=== Section Start ===

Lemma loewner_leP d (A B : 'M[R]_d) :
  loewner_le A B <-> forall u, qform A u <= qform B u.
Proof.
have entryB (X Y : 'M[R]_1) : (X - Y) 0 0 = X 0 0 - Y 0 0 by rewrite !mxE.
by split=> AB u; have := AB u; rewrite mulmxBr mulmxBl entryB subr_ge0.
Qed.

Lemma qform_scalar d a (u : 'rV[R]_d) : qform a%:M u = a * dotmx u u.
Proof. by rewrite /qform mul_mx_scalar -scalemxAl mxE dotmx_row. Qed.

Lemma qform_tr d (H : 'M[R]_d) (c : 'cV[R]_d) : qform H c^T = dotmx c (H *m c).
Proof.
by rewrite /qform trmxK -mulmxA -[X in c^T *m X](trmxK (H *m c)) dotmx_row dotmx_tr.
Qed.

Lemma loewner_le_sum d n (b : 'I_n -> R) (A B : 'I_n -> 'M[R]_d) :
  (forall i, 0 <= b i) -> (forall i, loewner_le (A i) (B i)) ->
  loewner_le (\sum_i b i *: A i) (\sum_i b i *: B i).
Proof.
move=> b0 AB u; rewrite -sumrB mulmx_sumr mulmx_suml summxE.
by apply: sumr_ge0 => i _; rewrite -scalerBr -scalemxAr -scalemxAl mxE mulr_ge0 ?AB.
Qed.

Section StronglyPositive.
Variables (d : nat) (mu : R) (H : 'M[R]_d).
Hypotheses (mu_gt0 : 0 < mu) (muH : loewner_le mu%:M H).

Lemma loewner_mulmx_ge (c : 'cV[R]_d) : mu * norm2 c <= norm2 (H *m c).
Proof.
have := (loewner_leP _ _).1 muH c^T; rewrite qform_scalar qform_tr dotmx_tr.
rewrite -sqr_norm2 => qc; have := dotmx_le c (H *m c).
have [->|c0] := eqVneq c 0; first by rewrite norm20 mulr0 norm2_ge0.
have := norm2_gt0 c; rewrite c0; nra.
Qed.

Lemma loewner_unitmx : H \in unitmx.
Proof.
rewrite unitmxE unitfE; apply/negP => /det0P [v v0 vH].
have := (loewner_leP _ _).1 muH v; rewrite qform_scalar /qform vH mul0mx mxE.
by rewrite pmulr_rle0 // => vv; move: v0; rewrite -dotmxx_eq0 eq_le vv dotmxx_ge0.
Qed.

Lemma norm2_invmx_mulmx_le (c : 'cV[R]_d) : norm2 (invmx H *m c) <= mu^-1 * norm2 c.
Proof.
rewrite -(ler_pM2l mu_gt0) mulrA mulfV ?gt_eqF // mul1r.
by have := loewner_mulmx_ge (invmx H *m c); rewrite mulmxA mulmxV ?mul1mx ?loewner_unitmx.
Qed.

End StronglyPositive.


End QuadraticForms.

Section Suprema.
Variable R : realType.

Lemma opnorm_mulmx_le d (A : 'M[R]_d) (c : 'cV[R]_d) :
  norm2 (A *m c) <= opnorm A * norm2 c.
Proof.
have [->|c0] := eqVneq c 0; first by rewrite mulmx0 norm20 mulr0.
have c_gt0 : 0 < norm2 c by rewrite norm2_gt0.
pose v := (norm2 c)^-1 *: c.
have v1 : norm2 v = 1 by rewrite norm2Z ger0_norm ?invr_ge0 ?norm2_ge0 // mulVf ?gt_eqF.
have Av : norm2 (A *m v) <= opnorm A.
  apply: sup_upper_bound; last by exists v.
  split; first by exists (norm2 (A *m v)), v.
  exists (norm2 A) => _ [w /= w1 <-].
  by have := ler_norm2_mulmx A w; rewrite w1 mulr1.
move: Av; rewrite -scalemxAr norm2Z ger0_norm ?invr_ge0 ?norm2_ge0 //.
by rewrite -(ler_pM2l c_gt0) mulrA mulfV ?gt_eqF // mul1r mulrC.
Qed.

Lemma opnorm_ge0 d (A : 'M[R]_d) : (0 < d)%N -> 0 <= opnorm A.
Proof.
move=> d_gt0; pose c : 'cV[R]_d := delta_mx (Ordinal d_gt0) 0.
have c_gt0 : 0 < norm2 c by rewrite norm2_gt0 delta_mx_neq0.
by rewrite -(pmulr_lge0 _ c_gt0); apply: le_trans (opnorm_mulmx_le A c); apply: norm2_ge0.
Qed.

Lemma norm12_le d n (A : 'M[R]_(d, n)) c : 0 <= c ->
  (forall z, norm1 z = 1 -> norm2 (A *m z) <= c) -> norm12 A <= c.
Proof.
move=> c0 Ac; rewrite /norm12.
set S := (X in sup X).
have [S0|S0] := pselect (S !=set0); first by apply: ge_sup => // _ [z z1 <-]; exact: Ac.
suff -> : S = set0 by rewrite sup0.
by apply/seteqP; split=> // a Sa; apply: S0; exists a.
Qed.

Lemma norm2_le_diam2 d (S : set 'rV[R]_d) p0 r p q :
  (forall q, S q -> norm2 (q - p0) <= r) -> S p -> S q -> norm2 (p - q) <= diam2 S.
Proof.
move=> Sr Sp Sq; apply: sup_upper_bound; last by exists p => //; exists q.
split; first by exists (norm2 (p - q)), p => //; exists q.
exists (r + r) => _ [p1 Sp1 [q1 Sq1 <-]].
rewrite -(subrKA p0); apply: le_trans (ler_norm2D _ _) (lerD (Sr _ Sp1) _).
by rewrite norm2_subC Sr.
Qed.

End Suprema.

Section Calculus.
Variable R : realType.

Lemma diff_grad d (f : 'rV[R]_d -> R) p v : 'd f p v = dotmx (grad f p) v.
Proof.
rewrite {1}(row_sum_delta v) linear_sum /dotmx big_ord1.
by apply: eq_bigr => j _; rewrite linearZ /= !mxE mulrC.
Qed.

=== Section End ===
=== Section Start ===

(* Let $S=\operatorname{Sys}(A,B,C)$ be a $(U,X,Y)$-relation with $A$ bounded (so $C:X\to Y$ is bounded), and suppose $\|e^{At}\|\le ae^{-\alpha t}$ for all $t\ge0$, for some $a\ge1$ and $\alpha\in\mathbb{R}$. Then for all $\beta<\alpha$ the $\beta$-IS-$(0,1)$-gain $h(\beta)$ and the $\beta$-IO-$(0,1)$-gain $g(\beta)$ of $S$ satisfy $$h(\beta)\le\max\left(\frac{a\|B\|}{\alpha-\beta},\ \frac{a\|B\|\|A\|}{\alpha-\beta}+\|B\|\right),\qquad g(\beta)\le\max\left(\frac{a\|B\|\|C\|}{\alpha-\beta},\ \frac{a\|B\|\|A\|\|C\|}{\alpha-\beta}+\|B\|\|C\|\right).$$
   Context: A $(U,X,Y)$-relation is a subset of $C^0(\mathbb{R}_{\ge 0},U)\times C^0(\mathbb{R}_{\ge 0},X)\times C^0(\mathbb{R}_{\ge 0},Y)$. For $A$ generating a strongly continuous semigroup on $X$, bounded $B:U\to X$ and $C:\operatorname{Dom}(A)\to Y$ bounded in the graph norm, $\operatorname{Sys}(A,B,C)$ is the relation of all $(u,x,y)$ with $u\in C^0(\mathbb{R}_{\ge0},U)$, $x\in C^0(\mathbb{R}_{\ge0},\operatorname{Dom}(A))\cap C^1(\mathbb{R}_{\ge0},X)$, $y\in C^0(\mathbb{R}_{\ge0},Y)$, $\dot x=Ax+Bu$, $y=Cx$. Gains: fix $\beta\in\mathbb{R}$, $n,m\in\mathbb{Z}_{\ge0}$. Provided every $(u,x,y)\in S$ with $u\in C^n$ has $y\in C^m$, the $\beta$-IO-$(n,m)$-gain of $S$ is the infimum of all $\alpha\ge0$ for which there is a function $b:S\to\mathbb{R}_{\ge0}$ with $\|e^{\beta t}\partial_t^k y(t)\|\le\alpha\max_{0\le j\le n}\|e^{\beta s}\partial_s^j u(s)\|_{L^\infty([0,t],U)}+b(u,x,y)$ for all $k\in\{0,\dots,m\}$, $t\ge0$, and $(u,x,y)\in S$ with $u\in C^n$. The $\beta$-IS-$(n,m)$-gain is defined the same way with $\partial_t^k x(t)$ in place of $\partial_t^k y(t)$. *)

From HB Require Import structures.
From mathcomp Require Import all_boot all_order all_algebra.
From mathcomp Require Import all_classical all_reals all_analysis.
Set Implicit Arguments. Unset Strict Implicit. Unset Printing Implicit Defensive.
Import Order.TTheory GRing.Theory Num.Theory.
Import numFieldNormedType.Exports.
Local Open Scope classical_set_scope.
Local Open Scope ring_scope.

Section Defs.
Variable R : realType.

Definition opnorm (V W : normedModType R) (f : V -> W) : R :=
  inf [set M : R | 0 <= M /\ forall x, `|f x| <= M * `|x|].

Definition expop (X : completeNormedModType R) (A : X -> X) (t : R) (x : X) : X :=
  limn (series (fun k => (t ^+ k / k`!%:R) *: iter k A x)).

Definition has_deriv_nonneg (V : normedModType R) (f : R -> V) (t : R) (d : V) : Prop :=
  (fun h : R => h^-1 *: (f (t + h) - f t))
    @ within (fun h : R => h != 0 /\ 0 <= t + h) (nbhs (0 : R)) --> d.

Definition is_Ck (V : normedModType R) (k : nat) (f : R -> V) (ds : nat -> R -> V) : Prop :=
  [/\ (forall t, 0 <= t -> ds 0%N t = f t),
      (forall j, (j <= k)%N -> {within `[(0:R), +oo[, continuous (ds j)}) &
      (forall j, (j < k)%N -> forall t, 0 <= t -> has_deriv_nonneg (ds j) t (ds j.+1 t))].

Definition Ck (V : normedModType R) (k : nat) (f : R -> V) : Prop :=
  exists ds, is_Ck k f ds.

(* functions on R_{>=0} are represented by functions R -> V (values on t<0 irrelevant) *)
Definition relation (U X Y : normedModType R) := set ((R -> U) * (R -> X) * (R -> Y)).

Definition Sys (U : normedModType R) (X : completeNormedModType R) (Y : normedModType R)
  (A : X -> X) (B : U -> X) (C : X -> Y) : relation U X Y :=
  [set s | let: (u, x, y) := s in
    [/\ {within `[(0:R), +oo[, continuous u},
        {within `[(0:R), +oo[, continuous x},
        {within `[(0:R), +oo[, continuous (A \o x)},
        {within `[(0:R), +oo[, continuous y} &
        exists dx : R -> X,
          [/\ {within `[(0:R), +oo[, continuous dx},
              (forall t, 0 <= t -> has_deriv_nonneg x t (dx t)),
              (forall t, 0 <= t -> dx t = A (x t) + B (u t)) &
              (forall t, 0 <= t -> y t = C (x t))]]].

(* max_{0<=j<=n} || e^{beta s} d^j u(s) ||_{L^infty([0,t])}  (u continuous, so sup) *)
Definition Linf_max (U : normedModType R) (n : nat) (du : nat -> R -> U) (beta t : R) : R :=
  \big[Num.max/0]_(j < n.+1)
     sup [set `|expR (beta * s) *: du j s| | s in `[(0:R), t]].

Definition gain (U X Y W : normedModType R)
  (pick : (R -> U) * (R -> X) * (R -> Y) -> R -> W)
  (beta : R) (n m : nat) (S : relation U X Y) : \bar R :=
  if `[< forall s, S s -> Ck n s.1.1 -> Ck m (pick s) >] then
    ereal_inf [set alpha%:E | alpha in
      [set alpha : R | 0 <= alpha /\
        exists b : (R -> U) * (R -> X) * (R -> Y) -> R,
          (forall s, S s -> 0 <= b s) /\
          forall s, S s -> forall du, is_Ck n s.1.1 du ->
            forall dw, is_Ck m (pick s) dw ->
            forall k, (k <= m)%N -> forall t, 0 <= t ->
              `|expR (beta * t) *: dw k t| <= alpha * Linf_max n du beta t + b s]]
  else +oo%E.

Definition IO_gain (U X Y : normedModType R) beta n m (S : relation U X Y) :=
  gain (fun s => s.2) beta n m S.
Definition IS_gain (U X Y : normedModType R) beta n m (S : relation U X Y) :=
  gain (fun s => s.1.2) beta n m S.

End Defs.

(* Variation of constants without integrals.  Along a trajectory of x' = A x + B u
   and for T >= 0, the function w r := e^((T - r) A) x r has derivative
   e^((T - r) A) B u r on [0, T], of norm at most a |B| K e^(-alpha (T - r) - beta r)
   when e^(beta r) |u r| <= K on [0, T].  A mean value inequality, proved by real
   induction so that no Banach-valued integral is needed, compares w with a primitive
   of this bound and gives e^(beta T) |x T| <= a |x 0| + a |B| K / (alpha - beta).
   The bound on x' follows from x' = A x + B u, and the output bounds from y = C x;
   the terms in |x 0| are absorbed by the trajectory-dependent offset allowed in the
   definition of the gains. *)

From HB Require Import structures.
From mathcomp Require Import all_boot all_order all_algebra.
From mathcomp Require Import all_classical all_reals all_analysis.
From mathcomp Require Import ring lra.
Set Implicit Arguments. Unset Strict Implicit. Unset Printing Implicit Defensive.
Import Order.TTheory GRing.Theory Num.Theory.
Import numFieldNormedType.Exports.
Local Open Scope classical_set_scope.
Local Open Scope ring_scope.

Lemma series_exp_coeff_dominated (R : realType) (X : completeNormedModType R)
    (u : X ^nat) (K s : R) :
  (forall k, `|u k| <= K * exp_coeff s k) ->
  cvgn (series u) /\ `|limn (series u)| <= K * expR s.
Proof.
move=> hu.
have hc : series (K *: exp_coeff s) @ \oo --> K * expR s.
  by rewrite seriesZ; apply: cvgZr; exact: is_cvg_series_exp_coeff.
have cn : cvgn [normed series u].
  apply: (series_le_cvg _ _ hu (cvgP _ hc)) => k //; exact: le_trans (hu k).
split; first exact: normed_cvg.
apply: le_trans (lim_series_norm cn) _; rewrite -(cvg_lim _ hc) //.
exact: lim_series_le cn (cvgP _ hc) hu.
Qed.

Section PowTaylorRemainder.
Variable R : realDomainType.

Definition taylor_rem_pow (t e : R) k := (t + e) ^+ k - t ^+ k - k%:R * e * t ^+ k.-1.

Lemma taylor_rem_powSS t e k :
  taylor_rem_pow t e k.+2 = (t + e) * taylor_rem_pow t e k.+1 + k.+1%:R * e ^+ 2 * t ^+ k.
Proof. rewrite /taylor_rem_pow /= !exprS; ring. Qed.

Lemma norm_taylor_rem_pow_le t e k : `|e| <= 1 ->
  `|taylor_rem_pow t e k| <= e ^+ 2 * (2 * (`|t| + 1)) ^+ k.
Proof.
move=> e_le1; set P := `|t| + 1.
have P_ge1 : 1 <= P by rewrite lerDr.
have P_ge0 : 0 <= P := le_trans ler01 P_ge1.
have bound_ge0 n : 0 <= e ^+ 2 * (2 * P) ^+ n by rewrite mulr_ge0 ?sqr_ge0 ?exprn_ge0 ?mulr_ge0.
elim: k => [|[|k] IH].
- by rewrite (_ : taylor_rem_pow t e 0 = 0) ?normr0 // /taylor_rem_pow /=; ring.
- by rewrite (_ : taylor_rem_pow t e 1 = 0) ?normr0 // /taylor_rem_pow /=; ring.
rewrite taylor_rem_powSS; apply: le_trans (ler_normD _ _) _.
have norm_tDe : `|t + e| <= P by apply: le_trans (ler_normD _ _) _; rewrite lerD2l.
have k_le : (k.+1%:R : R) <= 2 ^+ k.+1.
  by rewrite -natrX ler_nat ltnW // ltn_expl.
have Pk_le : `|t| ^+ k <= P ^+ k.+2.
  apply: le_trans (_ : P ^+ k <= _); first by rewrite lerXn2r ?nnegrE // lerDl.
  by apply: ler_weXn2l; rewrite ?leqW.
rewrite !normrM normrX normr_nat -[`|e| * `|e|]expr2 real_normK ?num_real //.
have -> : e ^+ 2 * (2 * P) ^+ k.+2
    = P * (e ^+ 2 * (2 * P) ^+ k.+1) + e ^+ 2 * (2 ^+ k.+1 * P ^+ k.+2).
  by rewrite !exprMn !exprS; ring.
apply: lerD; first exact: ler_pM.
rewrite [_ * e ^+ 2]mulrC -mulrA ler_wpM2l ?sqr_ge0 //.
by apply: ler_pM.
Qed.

=== Section End ===

*Instructions for the task*
Given the records above, return exactly the lines starting at the line containing "Lemma loewner_leP d" and ending at the line containing "by rewrite pmulr_rle0", including both.

*Your response*
Lemma loewner_leP d (A B : 'M[R]_d) :
  loewner_le A B <-> forall u, qform A u <= qform B u.
Proof.
have entryB (X Y : 'M[R]_1) : (X - Y) 0 0 = X 0 0 - Y 0 0 by rewrite !mxE.
by split=> AB u; have := AB u; rewrite mulmxBr mulmxBl entryB subr_ge0.
Qed.

Lemma qform_scalar d a (u : 'rV[R]_d) : qform a%:M u = a * dotmx u u.
Proof. by rewrite /qform mul_mx_scalar -scalemxAl mxE dotmx_row. Qed.

Lemma qform_tr d (H : 'M[R]_d) (c : 'cV[R]_d) : qform H c^T = dotmx c (H *m c).
Proof.
by rewrite /qform trmxK -mulmxA -[X in c^T *m X](trmxK (H *m c)) dotmx_row dotmx_tr.
Qed.

Lemma loewner_le_sum d n (b : 'I_n -> R) (A B : 'I_n -> 'M[R]_d) :
  (forall i, 0 <= b i) -> (forall i, loewner_le (A i) (B i)) ->
  loewner_le (\sum_i b i *: A i) (\sum_i b i *: B i).
Proof.
move=> b0 AB u; rewrite -sumrB mulmx_sumr mulmx_suml summxE.
by apply: sumr_ge0 => i _; rewrite -scalerBr -scalemxAr -scalemxAl mxE mulr_ge0 ?AB.
Qed.

Section StronglyPositive.
Variables (d : nat) (mu : R) (H : 'M[R]_d).
Hypotheses (mu_gt0 : 0 < mu) (muH : loewner_le mu%:M H).

Lemma loewner_mulmx_ge (c : 'cV[R]_d) : mu * norm2 c <= norm2 (H *m c).
Proof.
have := (loewner_leP _ _).1 muH c^T; rewrite qform_scalar qform_tr dotmx_tr.
rewrite -sqr_norm2 => qc; have := dotmx_le c (H *m c).
have [->|c0] := eqVneq c 0; first by rewrite norm20 mulr0 norm2_ge0.
have := norm2_gt0 c; rewrite c0; nra.
Qed.

Lemma loewner_unitmx : H \in unitmx.
Proof.
rewrite unitmxE unitfE; apply/negP => /det0P [v v0 vH].
have := (loewner_leP _ _).1 muH v; rewrite qform_scalar /qform vH mul0mx mxE.
by rewrite pmulr_rle0 // => vv; move: v0; rewrite -dotmxx_eq0 eq_le vv dotmxx_ge0.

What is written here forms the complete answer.